NNPDF / pineappl

PineAPPL is not an extension of APPLgrid
https://nnpdf.github.io/pineappl/
GNU General Public License v3.0
13 stars 3 forks source link

Fix `Grid::convolute` caching strategy #66

Closed cschwan closed 3 years ago

cschwan commented 3 years ago

Right now Grid::convolute always has two_caches = true (I've discovered this while running the code in rust-gdb),

https://github.com/N3PDF/pineappl/blob/6ccb9a49fa9d3baa06f9958fd1db6f9286983449/pineappl/src/grid.rs#L343

which misses a few optimizations whenever the two initial-state hadron are the same.

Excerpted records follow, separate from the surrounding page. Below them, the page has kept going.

Lemma wadd_eps x : x != Some 0%N -> wadd x eps = x.
Proof. by case: x => [[|x]|]. Qed.

Lemma wadd_neq0 x y : x != Some 0%N -> y != Some 0%N -> wadd x y != Some 0%N.
Proof. by case: x => [[|x]|]; case: y => [[|y]|]. Qed.

Lemma mem_wcands a b : a \in wcands (wadd a b).
Proof.
rewrite in_cons; case: a => [i|] //; rewrite (mem_map Some_inj) mem_iota ltnS.
by case: b => [j|] /=; case: i => [|i] //; case: j => [|j] //=; rewrite leq_addr.
Qed.

Lemma mem_wdecomp e p : (p \in wdecomp e) = (wadd p.1 p.2 == e).
Proof.
rewrite mem_filter; apply/andP/idP => [[//]|/eqP <-]; split=> //.
case: p => a b; apply: (allpairs_f (fun x y => (x, y))); first exact: mem_wcands.
by rewrite waddC mem_wcands.
Qed.

Lemma uniq_wdecomp e : uniq (wdecomp e).
Proof.
have uniq_wcands : uniq (wcands e).
  rewrite /wcands cons_uniq (map_inj_uniq Some_inj) iota_uniq andbT.
  by apply/negP; case/mapP.
by apply/filter_uniq/allpairs_uniq => // -[? ?] [? ?].
Qed.

Lemma sum_wdecomp_eq (R : pzSemiRingType) e q :
  \sum_(p <- wdecomp e) (p == q)%:R = (wadd q.1 q.2 == e)%:R :> R.
Proof.
rewrite -mem_wdecomp -(count_uniq_mem _ (uniq_wdecomp e)) -sum1_count natr_sum.
by rewrite [RHS]big_mkcond; apply: eq_bigr => p _ /=; case: eqP.
Qed.

Definition nzexp (m : mono) : seq wn := [seq e <- m | e != Some 0%N].

Definition head_splits (u : seq wn) : seq (wn * seq wn) :=
  (Some 0%N, u) :: (if u is x :: u' then [:: (x, u')] else [::]).

Lemma head_splits_comp u h : is_comp u -> h \in head_splits u -> is_comp h.2.
Proof.
case: u => [|x u] uc; rewrite !inE; first by move=> /eqP ->.
by case/orP=> /eqP -> //; case/andP: uc.
Qed.

Section MonomialProduct.
Variable R : comUnitRingType.
Implicit Types F G : series R.
Lemma big_nat_dvdn (R : Type) (idx : R) (op : R -> R -> R) (F : nat -> R) p n :
  0 < p ->
  \big[op/idx]_(1 <= i < n * p | p %| i) F i = \big[op/idx]_(1 <= j < n) F (p * j).
Proof. by move=> p_gt0; rewrite -big_filter filter_dvdn_index_iota // big_map. Qed.

Lemma count_coprime_index_iota p n : 0 < p ->
  count (fun i => ~~ (p %| i)) (index_iota 1 (n * p)) = n * p - n.
Proof.
move=> p_gt0; have := count_predC (dvdn p) (index_iota 1 (n * p)).
rewrite -size_filter filter_dvdn_index_iota // size_map !size_iota.
rewrite (@eq_count _ _ (predC (dvdn p))) //; nia.
Qed.

Lemma big_nat_coprime_rev (R : Type) (idx : R) (op : SemiGroup.com_law R)
    (F : nat -> R) p y :
  p %| y ->
  \big[op/idx]_(1 <= i < y | ~~ (p %| i)) F (y - i)
  = \big[op/idx]_(1 <= i < y | ~~ (p %| i)) F i.
Proof.
move=> p_y; rewrite big_nat_rev big_nat_cond [RHS]big_nat_cond add1n.
apply: eq_big => [i | i /andP[/andP[_ i_lt] _]]; rewrite subSS.
  by case/boolP: (1 <= i < y) => //= /andP[_ i_lt]; rewrite dvdn_subr // ltnW.
by rewrite subKn // ltnW.
Qed.

Lemma coprime_prod_ndvd p y : prime p -> coprime p (\prod_(1 <= i < y | ~~ (p %| i)) i).
Proof.
move=> p_pr; apply: (big_ind (coprime p)) => [|a b|i]; first exact: coprimen1.
  by rewrite coprimeMr => -> ->.
by rewrite prime_coprime.
Qed.

Lemma odd_mulnBn_prime p n : prime p -> odd (n * p - n) = odd n && (p == 2).
Proof.
move=> p_pr; rewrite -{2}(muln1 n) -mulnBr oddM oddB ?prime_gt0 //=.
case: (even_prime p_pr) => [-> // | p_odd].
have /negPf -> : p != 2 by apply: contraTneq p_odd => ->.
by rewrite p_odd andbF.
Qed.

Lemma bin_mul_prod N M : 0 < M ->
  'C(N - 1, M - 1) * \prod_(1 <= i < M) i = \prod_(1 <= i < M) (N - i).
Proof.
case: M => // M _; rewrite !subn1 /= -fact_prod bin_ffact ffact_prod big_add1 big_mkord.
by apply: eq_bigr => i _; rewrite -subn1 -subnDA add1n.
Qed.
(* Let $X$ be an abstract simplicial complex with a simplicial action of a finite group $G$ that restricts to an action on a subcomplex $A$ (not necessarily full). Then there is a $G$-equivariant homotopy equivalence $|X|-|A|\simeq_G|X\ominus A|$.
   Context: Simplicial difference $X\ominus A$: vertices are the simplices of $X$ not in $A$ that are minimal (under inclusion) among simplices of $X$ not in $A$; a finite nonempty set $\{\sigma_0,\dots,\sigma_d\}$ of these is a simplex iff $\sigma_0\cup\dots\cup\sigma_d$ is a simplex of $X$. $G$ acts simplicially on $X\ominus A$ through its action on simplices of $X$, and topologically on $|X|-|A|$ through the realization of the action on $X$. A $G$-homotopy equivalence is a $G$-map admitting a $G$-map inverse up to $G$-equivariant homotopies. *)

From mathcomp Require Import all_boot all_order all_algebra all_fingroup.
From mathcomp Require Import boolp classical_sets cardinality fsbigop reals.

Set Implicit Arguments.
Unset Strict Implicit.
Unset Printing Implicit Defensive.

Import Order.TTheory GRing.Theory Num.Theory.
Local Open Scope classical_set_scope.
Local Open Scope ring_scope.

Definition is_simplicial_complex {V : Type} (X : set (set V)) : Prop :=
  (forall s, X s -> finite_set s /\ s !=set0) /\
  (forall s t, X s -> t `<=` s -> t !=set0 -> X t).

Definition is_subcomplex {V : Type} (A X : set (set V)) : Prop :=
  is_simplicial_complex A /\ A `<=` X.

Definition is_group_action {G : finGroupType} {V : Type} (act : G -> V -> V) : Prop :=
  (forall v, act 1%g v = v) /\
  (forall g h v, act (g * h)%g v = act g (act h v)).

Definition preserves_complex {G : finGroupType} {V : Type} (act : G -> V -> V)
  (X : set (set V)) : Prop :=
  forall g s, X s -> X (act g @` s).

Definition simplex_act {G : finGroupType} {V : Type} (act : G -> V -> V)
  (g : G) (s : set V) : set V := act g @` s.
Lemma euclid_norm_mulmx_tr_le m k (A : 'M[R]_(m, k)) (g : 'rV[R]_k) :
  euclid_norm (g *m A^T) <= sigma_max A * euclid_norm g.
Proof.
have [k0|k_gt0] := posnP k.
  have -> : g = 0 by apply/rowP => i; have := ltn_ord i; rewrite {2}k0.
  by rewrite mul0mx !euclid_normE !sqnorm0 sqrtr0 mulr0.
have [lam [u [u_neq0 u_eigen lam_max]]] := top_eigenpair A k_gt0.
have u_gt0 : 0 < sqnorm u by rewrite lt_def sqnorm_eq0 u_neq0 sqnorm_ge0.
have lam_ge0 : 0 <= lam.
  by rewrite -(pmulr_lge0 _ u_gt0); apply: le_trans (lam_max u); exact: sqnorm_ge0.
set S := [set s | 0 <= s /\ eigenvalue (A^T *m A) (s ^+ 2)].
have S_lam : S (Num.sqrt lam).
  split; first exact: sqrtr_ge0.
  by rewrite sqr_sqrtr //; apply/eigenvalueP; exists u.
have S_ub : ubound S (Num.sqrt lam).
  move=> s [s_ge0 /eigenvalueP [v v_eigen v_neq0]].
  have v_gt0 : 0 < sqnorm v by rewrite lt_def sqnorm_eq0 v_neq0 sqnorm_ge0.
  have : s ^+ 2 * sqnorm v <= lam * sqnorm v.
    apply: le_trans (lam_max v).
    rewrite sqnorm_mulmx_tr /qform v_eigen -scalemxAl sqnormE.
    by rewrite [leRHS]mxE.
  by rewrite ler_pM2r // -ler_sqrt ?sqr_ge0 // sqrtr_sqr ger0_norm.
have sqrt_lam_le : Num.sqrt lam <= sigma_max A.
  apply: sup_upper_bound => //.
  by split; [exists (Num.sqrt lam) | exists (Num.sqrt lam)].
rewrite !euclid_normE.
apply: le_trans (ler_wpM2r (sqrtr_ge0 _) sqrt_lam_le).
by rewrite -sqrtrM // ler_sqrt ?mulr_ge0 ?sqnorm_ge0.
Qed.

End SigmaMax.

Section ChainRule.
Context {R : realType} {V : normedModType R}.

Lemma derive_line (f : V -> R) x v :
  'D_v f x = 'D_1 (fun h : R => f (h *: v + x)) 0.
Proof.
rewrite /derive /=.
suff -> : (fun h : R => h^-1 *: (f ((h *: (1 : R) + 0) *: v + x) - f (0 *: v + x)))
  = (fun h : R => h^-1 *: (f (h *: v + x) - f x)) by [].
by apply: funext => h; rewrite scale0r add0r addr0 [_%:A]mulr1.
Qed.

Lemma is_derive_comp_real (f : V -> R) (g : R -> R) x v df dg :
  is_derive x v f df -> is_derive (f x) 1 g dg ->
  is_derive x v (g \o f) (dg * df).
Proof.
move=> [f_der f_val] [g_der g_val].
pose l h := f (h *: v + x).
have l0 : l 0 = f x by rewrite /l scale0r add0r.
have l_der : derivable l 0 1 by move/derivable1P: f_der.
have g_der_l0 : derivable g (l 0) 1 by rewrite l0.
have gl_diff : differentiable (g \o l) 0.
  by apply: differentiable_comp; exact/derivable1_diffP.
apply: DeriveDef; first by apply/derivable1P/derivable1_diffP.
rewrite derive_line -[LHS]derive1E.
have -> := derive1_comp l_der g_der_l0.
by rewrite !derive1E l0 g_val -derive_line f_val.
Qed.

Lemma is_derive_expR_comp (f : V -> R) x v df : is_derive x v f df ->
  is_derive x v (fun y => expR (f y)) (expR (f x) * df).
Proof. by move=> f_der; apply: is_derive_comp_real. Qed.

Lemma is_derive_ln_comp (f : V -> R) x v df : is_derive x v f df -> 0 < f x ->
  is_derive x v (fun y => ln (f y)) ((f x)^-1 * df).
Proof.
by move=> f_der fx_gt0; apply: is_derive_comp_real => //; exact: is_derive1_ln.
Qed.

Lemma is_derive_sum_fun n (h : 'I_n -> V -> R) x v (dh : 'I_n -> R) :
  (forall i, is_derive x v (h i) (dh i)) ->
  is_derive x v (fun y => \sum_(i < n) h i y) (\sum_(i < n) dh i).
Proof.
move=> h_der; have := is_derive_sum h_der.
by congr is_derive; apply: funext => y; rewrite fct_sumE.
Qed.

End ChainRule.

Section LogitGradient.
Context {R : realType} {p n : nat} (z : 'rV[R]_p -> 'rV[R]_n) (th : 'rV[R]_p).
Hypothesis z_diff : differentiable z th.

Lemma is_derive_logit v a : is_derive th v (fun y => z y 0 a) ((v *m 'J z th) 0 a).
Proof.
apply: DeriveDef.
  by move/derivable_mxP: (@diff_derivable _ _ _ z th v z_diff); apply.
by rewrite -deriveEjacobian // derive_mx ?mxE //; exact: diff_derivable.
Qed.

Lemma grad_through_logits (L : 'rV[R]_p -> R) (g : 'rV[R]_n) :
  (forall v, is_derive th v L (\sum_(a < n) g 0 a * (v *m 'J z th) 0 a)) ->
  grad L th = g *m ('J z th)^T.
Proof.
move=> L_der; apply/rowP => j; rewrite !mxE; have [_ ->] := L_der (delta_mx 0 j).
by apply: eq_bigr => a _; rewrite -rowE !mxE.
Qed.

Lemma euclid_norm_grad_le (L : 'rV[R]_p -> R) (g : 'rV[R]_n) c :
  grad L th = g *m ('J z th)^T -> euclid_norm g <= c ->
  euclid_norm (grad L th) <= sigma_max ('J z th) * c.
Proof.
move=> -> g_le; apply: le_trans (euclid_norm_mulmx_tr_le _ _) _.
by rewrite ler_wpM2l // sigma_max_ge0.
Qed.

End LogitGradient.

Section RealInequalities.
Context {R : realType}.

Lemma ln_le_subr1 (y : R) : 0 < y -> ln y <= y - 1.
Proof. by move=> y_gt0; have := @le_ln1Dx R (y - 1); rewrite subrKC; apply; lra. Qed.

Lemma subr1V_le_ln (y : R) : 0 < y -> 1 - y^-1 <= ln y.
Proof.
move=> y_gt0; have := @ln_le_subr1 y^-1; rewrite invr_gt0 => /(_ y_gt0).
by rewrite lnV ?posrE //; lra.
Qed.

Definition kl_sqr_gap (b t : R) := t * ln (t / b) - t + b - (t - b) ^+ 2 / 2.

cschwan commented 3 years ago

Plan:

cschwan commented 3 years ago

Here a benchmark, using the grids from https://github.com/NNPDF/pineapplgrids/commit/696024720e03b61ec864619df2f527c35637deb3, running the following command on a computer with an Intel(R) Core(TM) i7-6700 CPU @ 3.40GHz:

time for i in *.pineappl.lz4; do pineappl --silence-lhapdf convolute $i NNPDF40_nnlo_as_01180; done > output
  1. Using pineappl from commit 69110553863d7dbf385e04d5b9f85c8936b17d1f takes 13 seconds, and this suffers from the problem that both initial states have a separate cache, meaning the caching is imperfect. However, due to symmetrization it should be almost perfect in practice.
  2. Using pineappl from commit c6c5a0bb6f45480b3c4213fcbd84b73b04ba228d, with convolute2 instead of convolute in the helper function it takes 73 seconds for the same command; this is because convolute doesn't use caching at all at this stage.
cschwan commented 3 years ago

A similar benchmark with pdf_uncertainty instead of convolute takes 1m37s in the first case and 4m9s in the second case; this subcommand uses 8 cores. This just goes to show that PDF caching is still very much needed.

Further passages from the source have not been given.